Sita, dazzlingly beautiful and decorated with priceless jewels, was escorted by her father into the pavilion to take her seat next to Rama. 

'Here is Sita, my daughter and the daughter of the earth, who will help you discharge your sacred duties. Take her hand in yours, Rama. She will ever be devoted to you and you alone and will follow you like a shadow,' announced Janaka. Rama took Sita's hand. Celestial drums echoed in the sky, and flower petals rained down from the heavens. 

One by one the other couples were united: Urmila with Lakshmana, Mandavi with Bharata and Srutakirti with Satrughna. The four brothers led their brides clockwise around the sacred fire three times to the accompaniment of singing and the sound of musical instruments. When all was done, the newly-married couples retired to the privacy or their tents, while the assembled hosts of Mithila and Ayodhya celebrated late into the night. 

Rama and his father soon left Mithila in a great procession, laden with gifts of dowry. Vishvamitra departed for the Himalayas, his task complete. The great procession wound its way homeward to Ayodhya, where joyous celebrations were held to welcome the returning emperor and his sons with their brides.
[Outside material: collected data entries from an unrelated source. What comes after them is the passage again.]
Lemma pw_compact_bmul C1 C2 : pw_compact C1 -> pw_compact C2 ->
  pw_compact (fun g => exists x y, C1 x /\ C2 y /\ g = bmul x y).
Proof.
  intros H1 H2 F HF Hcov.
  assert (Hrow : forall x, C1 x -> exists Bx lW, (forall W, In W lW -> F W) /\
     forall x' y, agree Bx x x' -> C2 y -> exists W, In W lW /\ W (bmul x' y)).
  { intros x Hx.
    destruct (pw_compact_basic_subcover (D := bgroup -> Prop) C2
      (fun y B W => F W /\ forall g, agree B (bmul x y) g -> W g) H2) as [l [Hl Hc]].
    - intros y Hy. destruct (Hcov (bmul x y)) as [W [FW Wxy]]; [exists x, y; auto|].
      destruct (HF W FW _ Wxy) as [B HB]. exists B, W. auto.
    - exists (cover_coords l), (map (fun t : bgroup * list natset * (bgroup -> Prop) =>
        let '(_, _, W) := t in W) l). split.
      + intros W HW. apply in_map_iff in HW as [[[y B] W'] [<- Hin]]. apply (Hl _ _ _ Hin).
      + intros x' y' Hxx Hy'. destruct (Hc y' Hy') as [y [B [W [Hin Hyy]]]].
        exists W. split; [apply in_map_iff; exists (y, B, W); auto|].
        apply (proj2 (Hl _ _ _ Hin)). intros A HA. rewrite !coord_bmul.
        rewrite (agree_cover_coords l y B W _ _ Hin Hxx A HA), Hyy; auto. }
  destruct (pw_compact_basic_subcover (D := list (bgroup -> Prop)) C1
    (fun x B lW => (forall W, In W lW -> F W) /\
       forall x' y, agree B x x' -> C2 y -> exists W, In W lW /\ W (bmul x' y)) H1)
    as [l [Hl Hc]].
  - intros x Hx. destruct (Hrow x Hx) as [B [lW H]]. exists B, lW; auto.
  - exists (concat (map (fun t : bgroup * list natset * list (bgroup -> Prop) =>
      let '(_, _, lW) := t in lW) l)). split.
    + intros W HW. apply in_concat in HW as [lW [HlW HW]].
      apply in_map_iff in HlW as [[[x B] lW'] [<- Hin]]. apply (Hl _ _ _ Hin); auto.
    + intros g [x' [y [Hx' [Hy ->]]]]. destruct (Hc x' Hx') as [x [B [lW [Hin Hxx]]]].
      destruct (proj2 (proj2 (Hl _ _ _ Hin)) x' y Hxx Hy) as [W [HW1 HW2]].
      exists W. split; auto. apply in_concat. exists lW. split; auto.
      apply in_map_iff. exists (x, B, lW); auto.
Qed.

Lemma pw_compact_ext (C C' : bgroup -> Prop) : (forall g, C g <-> C' g) ->
  pw_compact C -> pw_compact C'.
Proof.
  intros E H F HF Hc. destruct (H F HF) as [l [H1 H2]]; [intros x Hx; apply Hc, E; auto|].
  exists l; split; auto. intros x Hx; apply H2, E; auto.
Qed.

Lemma pw_compact_inter_closed (C Cl : bgroup -> Prop) : pw_compact C ->
  pw_open (fun g => ~ Cl g) -> pw_compact (fun g => C g /\ Cl g).
Proof.
  intros HC HCl F HF Hcov.
  destruct (HC (fun W => F W \/ W = (fun g => ~ Cl g))) as [l [H1 H2]].
  - intros W [HW| ->]; auto.
  - intros x Hx. destruct (classic (Cl x)) as [Hc|Hc].
    + destruct (Hcov x (conj Hx Hc)) as [W [? ?]]; exists W; auto.
    + exists (fun g => ~ Cl g); auto.
  - exists (filter (fun W => truth (F W)) l). split.
    + intros W HW. apply filter_In in HW. apply truth_true; tauto.
    + intros x [Hx Hc]. destruct (H2 x Hx) as [W [HW Wx]]. exists W. split; auto.
      apply filter_In. split; auto. apply truth_true.
      destruct (H1 W HW) as [|E]; [auto|subst; contradiction].
Qed.

(* A_1(βℕ) is 0 together with a copy of βℕ, so this is the compactness of βℕ. *)
Lemma words_le_1_compact : pw_compact (words_le 1).
Proof.
  intros F HF Hcov.
  set (good := fun E : natset => exists W, F W /\
                 forall q g, is_ultrafilter q -> q E -> coord g = word_eval [q] -> W g).
  assert (Hgood : forall p, is_ultrafilter p -> exists E, good E /\ p E).
  { intros p Hp.
    destruct (Hcov (word_elt [p] (Forall_cons _ Hp (Forall_nil _)))) as [W [FW Wp]];
      [exists [p]; simpl; auto|].
    destruct (HF W FW _ Wp) as [B HB].
    exists (fun n => forall A, In A B -> (A n <-> p A)). split; [|apply ultra_atom; auto].
    exists W. split; auto. intros q g Hq HqE Hg. apply HB. intros A HA.
    rewrite Hg. cbn [coord proj1_sig word_elt]. rewrite !word_eval_single.
    apply truth_iff, (ultra_atom_iff p q B A Hq HqE HA). }
  destruct (ultra_compact good Hgood) as [Es [HEs HEs_cover]].
  destruct (list_choice (fun E W => F W /\
      forall q g, is_ultrafilter q -> q E -> coord g = word_eval [q] -> W g) Es)
    as [Ws [HWs1 HWs2]]; [intros E HE; apply HEs; auto|].
  destruct (Hcov bzero (words_le_zero 1)) as [W0 [FW0 W0z]].
  exists (W0 :: Ws). split.
  - intros W [<-|HW]; auto. destruct (HWs1 W HW) as [E [_ [? _]]]; auto.
  - intros g Hg. destruct (words_le_1 g Hg) as [->|[p [Hp Hgp]]].
    + exists W0; split; auto. left; auto.
    + destruct (ultra_finite_cover p Hp Es HEs_cover) as [E [HE pE]].
      destruct (HWs2 E HE) as [W [HW [_ HWE]]].
      exists W. split; [right; auto|]. eapply HWE; eauto.
Qed.

Lemma words_le_compact n : pw_compact (words_le n).
Proof.
  induction n as [|n IH].
  - intros F HF Hcov. destruct (Hcov bzero (words_le_zero 0)) as [W [FW Wz]].
    exists [W]. split; [intros W' [<-|[]]; auto|].
    intros g Hg. rewrite (words_le_0 g Hg). exists W. split; auto. left; auto.
  - eapply pw_compact_ext; [intros g; symmetry; apply words_le_S|].
    apply pw_compact_bmul; auto. apply words_le_1_compact.
Qed.

Definition kw_open (W : bgroup -> Prop) : Prop :=
  forall n, exists V, pw_open V /\ forall g, words_le n g -> (W g <-> V g).

Lemma kw_open_of_pw V : pw_open V -> kw_open V.
Proof. intros H n. exists V; split; auto. tauto. Qed.

Lemma kw_open_translate W c : kw_open W -> kw_open (fun g => W (bmul g c)).
Proof.
  intros H n. destruct (words_le_some c) as [m Hm]. destruct (H (n + m)) as [V [HV E]].
  exists (fun g => V (bmul g c)). split; [apply pw_open_translate; auto|].
  intros g Hg. apply E, words_le_bmul; auto.
Qed.

Lemma kw_topology : is_topology kw_open.
Proof.
  split; [|split].
  - apply kw_open_of_pw. intros g _. exists []. auto.
  - intros F HF n.
    exists (fun x => exists U, F U /\
      exists V, pw_open V /\ (forall g, words_le n g -> (U g <-> V g)) /\ V x).
    split.
    + intros g [U [FU [V [HV [E Vg]]]]]. destruct (HV g Vg) as [B HB]. exists B.
      intros g' Hg'. exists U. split; auto. exists V; auto.
    + intros g Hg. split.
      * intros [U [FU Ug]]. destruct (HF U FU n) as [V [HV E]].
        exists U. split; auto. exists V. split; [exact HV|split; [exact E|apply E; auto]].
      * intros [U [FU [V [HV [E Vg]]]]]. exists U. split; auto. apply E; auto.
  - intros U1 U2 H1 H2 n. destruct (H1 n) as [V1 [HV1 E1]], (H2 n) as [V2 [HV2 E2]].
    exists (fun g => V1 g /\ V2 g). split.
    + intros g [g1 g2]. destruct (HV1 g g1) as [B1 HB1], (HV2 g g2) as [B2 HB2].
      exists (B1 ++ B2). intros g' Hg'. split.
      * apply HB1. eapply agree_sub; [|exact Hg']. intros; apply in_or_app; auto.
      * apply HB2. eapply agree_sub; [|exact Hg']. intros; apply in_or_app; auto.
    + intros g Hg. rewrite (E1 g Hg), (E2 g Hg). tauto.
Qed.

Lemma kw_hausdorff : hausdorff kw_open.
Proof.
  intros x y Hxy. destruct (bgroup_neq_coord x y Hxy) as [A HA].
  exists (fun g => coord g A = coord x A), (fun g => coord g A = coord y A).
  split; [apply kw_open_of_pw, pw_open_coord|].
  split; [apply kw_open_of_pw, pw_open_coord|].
  split; [auto|split; [auto|]]. intros z H1 H2. apply HA. congruence.
Qed.

(* For a neighbourhood W of 0, a neighbourhood P of 0 with P + P ⊆ W is built as the union
   of layers P_n ⊆ A_n(βℕ): P_n is compact with P_n + P_n ⊆ W, so by the tube lemma a basic
   neighbourhood of P_n keeps sums inside W, and P_(n+1) is its trace on A_(n+1)(βℕ). *)
Section HalfNeighbourhood.
Variable W : bgroup -> Prop.
Hypothesis W_open : kw_open W.
Hypothesis W_zero : W bzero.

Definition layer_margin (n : nat) (P : bgroup -> Prop) : list natset :=
  epsilon (inhabits []) (fun B => forall x y g, P x -> P y -> agree B (bmul x y) g ->
                                    words_le (n + n + 2) g -> W g).

Fixpoint layer (n : nat) : bgroup -> Prop :=
  match n with
  | 0 => fun g => g = bzero
  | S m => fun g => words_le (S m) g /\
                    exists p, layer m p /\ agree (layer_margin m (layer m)) p g
  end.

Lemma layer_margin_spec n P : pw_compact P -> (forall g, P g -> words_le n g) ->
  (forall x y, P x -> P y -> W (bmul x y)) ->
  forall x y g, P x -> P y -> agree (layer_margin n P) (bmul x y) g ->
    words_le (n + n + 2) g -> W g.
Proof.
  intros Hc HK HW. unfold layer_margin. apply epsilon_spec.
  destruct (W_open (n + n + 2)) as [V [HV EV]].
  destruct (pw_compact_tube P P V Hc Hc HV) as [B HB].
  - intros x y Hx Hy.
    assert (Hk : words_le (n + n + 2) (bmul x y)).
    { apply words_le_mono with (n + n); [lia|]. apply words_le_bmul; auto. }
    apply (proj1 (EV _ Hk)), HW; auto.
  - exists B. intros x y g Hx Hy Hg HK'. apply (proj2 (EV _ HK')), (HB x y g Hx Hy Hg).
Qed.

Lemma layer_spec n : pw_compact (layer n) /\ (forall g, layer n g -> words_le n g) /\
  (forall x y, layer n x -> layer n y -> W (bmul x y)).
Proof.
  induction n as [|n [IHc [IHK IHW]]].
  - split; [|split].
    + intros F HF Hcov. destruct (Hcov bzero eq_refl) as [U [FU Uz]]. exists [U].
      split; [intros U' [<-|[]]; auto|]. intros g ->. exists U; split; auto; left; auto.
    + intros g ->. apply words_le_zero.
    + intros x y -> ->. rewrite bmul_0l; auto.
  - split; [|split].
    + eapply pw_compact_ext; [|apply (pw_compact_inter_closed (words_le (S n))
          (fun g => exists p, layer n p /\ agree (layer_margin n (layer n)) p g))].
      * intros g. simpl. tauto.
      * apply words_le_compact.
      * intros g Hg. exists (layer_margin n (layer n)). intros g' Hg' [p [Hp Hpg]]. apply Hg.
        exists p. split; auto. eapply agree_trans; eauto. apply agree_sym; auto.
    + intros g [Hg _]; auto.
    + intros x y [Kx [p [Hp Hpx]]] [Ky [q [Hq Hqy]]].
      apply (layer_margin_spec n (layer n) IHc IHK IHW p q); auto.
      * apply agree_bmul; auto.
      * replace (n + n + 2) with (S n + S n) by lia. apply words_le_bmul; auto.
Qed.

Lemma layer_mono n m g : n <= m -> layer n g -> layer m g.
Proof.
  induction 1; auto. intros H'. simpl. split.
  - apply words_le_mono with m; [lia|]. apply (proj1 (proj2 (layer_spec m))); auto.
  - exists g. split; auto. apply agree_refl.
Qed.

Definition layers (g : bgroup) : Prop := exists n, layer n g.

Lemma layers_open : kw_open layers.
Proof.
  intros m.
  exists (fun g => exists n, m <= n /\ exists p, layer n p /\ agree (layer_margin n (layer n)) p g).
  split.
  - intros g [n [Hmn [p [Hp Hpg]]]]. exists (layer_margin n (layer n)). intros g' Hg'.
    exists n. split; auto. exists p. split; auto. eapply agree_trans; eauto.
  - intros g Hg. split.
    + intros [j Hj]. exists (Nat.max j m). split; [lia|]. exists g. split; [|apply agree_refl].
      apply layer_mono with j; auto; lia.
    + intros [n [Hmn [p [Hp Hpg]]]]. exists (S n). simpl. split; [|exists p; auto].
      apply words_le_mono with m; auto; lia.
Qed.

Lemma layers_add x y : layers x -> layers y -> W (bmul x y).
Proof.
  intros [i Hi] [j Hj]. apply (proj2 (proj2 (layer_spec (Nat.max i j)))).
  - apply layer_mono with i; auto; lia.
  - apply layer_mono with j; auto; lia.
Qed.
End HalfNeighbourhood.

Lemma kw_open_half W : kw_open W -> W bzero ->
  exists P, kw_open P /\ P bzero /\ forall x y, P x -> P y -> W (bmul x y).
Proof.
  intros HW W0. exists (layers W). split; [apply layers_open; auto|].
  split; [exists 0; reflexivity|]. apply layers_add; auto.
Qed.

Lemma kw_bmul_continuous : continuous2 kw_open kw_open bmul.
Proof.
  intros a b W HW Hab.
  destruct (kw_open_half (fun g => W (bmul g (bmul a b)))) as [P [HP [P0 HPW]]];
    [apply kw_open_translate; auto|rewrite bmul_0l; auto|].
  exists (fun x => P (bmul x a)), (fun y => P (bmul y b)).
  split; [apply kw_open_translate; auto|].
  split; [apply kw_open_translate; auto|].
  split; [rewrite bmul_self; auto|]. split; [rewrite bmul_self; auto|].
  intros x y Hx Hy. specialize (HPW _ _ Hx Hy).
  replace (bmul x y) with (bmul (bmul (bmul x a) (bmul y b)) (bmul a b)); auto.
  apply bgroup_ext. intros A. rewrite !coord_bmul.
  destruct (coord x A), (coord y A), (coord a A), (coord b A); reflexivity.
Qed.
Flags and festoons fluttered from tall buildings that looked like the snow-capped peaks of the Himalayas. 

Crowds came out to meet them and threw flower petals on the ground. Dasaratha's queens lovingly embraced the princesses and took them by the hand to their private apartments. The princesses, showing proper respect for their elders and being devoted to their husbands, lived happily in their new homes. 

For Rama and Lakshmana life was kind. In the company of their illustrious guru Vishvamitra, they had made the passage from youth to manhood, had learned the arts of mystic weapons and had gained beautiful wives. They now lived peacefully as dutiful sons and husbands amidst their friends and relatives.